La scrittrice venne vigorosamente avversata dall’opinione pubblica perchè era giunta alle conclusioni che gli orrori commessi dai criminali nazisti non erano dovuti tanto alla crudeltà insita nel loro animo, bensì dal fatto che il regime li avrebbe privati di un proprio pensiero inserendoli nella ben organizzata macchina del terrore nazista.
Da tale conclusione, peraltro, deriva un’altra allarmante ed amara considerazione e cioè che chiunque coinvolto in questo meccanismo perverso finirebbe con l’agire allo stesso modo, specie se la società che lo circonda è indifferente e acritica.
La Arendt, forse, solo in parte è riuscita a dare così una spiegazione di tanta incomprensibile feroce malvagità, ma certamente ha colto pienamente nel segno quando ha pure previsto la replicabilità di tali mostruosità anche da parte dell’uomo della porta accanto, se solo privato del suo discernimento da una ideologia accecante.

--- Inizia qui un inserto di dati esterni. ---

(* Unlike in [mul_subsemigroup_ball], zero is harmless here: a product with a zero factor
   is that factor. *)
Lemma small_or_one_mul S a b : mul_subsemigroup_ball S ->
  small_or_one S a -> small_or_one S b -> small_or_one S (qmul a b).
Proof.
move=> mulS [->|[Sa a1]] [->|[Sb b1]]; rewrite ?qmul1l ?qmul1r; [by left|by right|by right|right].
have [a0|a0] := pselect (a = qzero); first by subst a; rewrite qmul0l; split.
have [b0|b0] := pselect (b = qzero); first by subst b; rewrite qmul0r; split.
by have [? [? _]] := mulS a b Sa a1 a0 Sb b1 b0.
Qed.

Lemma lprod_small_or_one S y F : mul_subsemigroup_ball S ->
  (forall i, In i F -> small_or_one S (y i)) -> small_or_one S (lprod y F).
Proof.
move=> mulS; elim: F => [|i F IH] yF; first by left.
by apply: small_or_one_mul => //; [apply: yF; left|apply: IH => j Fj; apply: yF; right].
Qed.

Lemma sandwich_small S a b c : mul_subsemigroup_ball S ->
  small_or_one S a -> small_or_one S b -> S c -> qnorm c < 1 ->
  S (qmul (qmul a c) b) /\ qnorm (qmul (qmul a c) b) <= qnorm c.
Proof.
move=> mulS sa sb Sc c1.
have le : qnorm (qmul (qmul a c) b) <= qnorm c.
  rewrite !qnormM; have := small_or_one_norm _ _ sa; have := small_or_one_norm _ _ sb.
  have := qnorm_ge0 b; have := Rmult_le_pos _ _ (qnorm_ge0 a) (qnorm_ge0 c).
  have := qnorm_ge0 c; nra.
split=> //.
have [e|[]//] : small_or_one S (qmul (qmul a c) b).
  by apply: small_or_one_mul => //; apply: small_or_one_mul => //; right.
by move: le; rewrite e qnorm1; lra.
Qed.

Definition sandwich_in (A : set quat) (l : list quat) (c : quat) :=
  forall F1, NoDup F1 -> below (length l) F1 -> forall F2, NoDup F2 -> below (length l) F2 ->
    A (qmul (qmul (lprod (lnth l) F1) c) (lprod (lnth l) F2)).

In questi giorni in cui i media sono stati intasati dalle sovrabbondanti notizie dell’arresto del super latitante che da oltre trent’anni era riuscito a sfuggire alla sua cattura , la giornalista e scrittrice Stefania Auci , siciliana ed esperta conoscitrice delle cose della sua terra, commentando l’arresto , non ha potuto fare a meno di evidenziare, con insistenza, ai propri telespettatori della rete rai, come l’uomo assicurato alla giustizia, nelle sembianze e nell’agire, non aveva nulla di speciale e sofisticato, ed appariva simile e null’affatto diverso da tanti stessi uomini della sua età.
Oggi il rischio di condotte deresponsabilizzate da parte di molti uomini appartenenti ad aree non sempre marginali della nostra società è estremamente concreto ed attuale. Peraltro, non è del tutto venuto meno il teatro di indifferenza, su cui nella collettività questi soggetti si muovono , suscitando soltanto reazioni spesso solo verbali e comunque scarsamente incisive, inadeguate e poco tempestive.
La Giornata della Memoria, quindi ancor oggi, si conferma una necessaria fonte di monito a non dimenticare, affinché non debba più risuonare la voce dell’Eterno che ha già detto a Caino : “ Dov’è tuo fratello Abele ?” (Genesi 4, 9).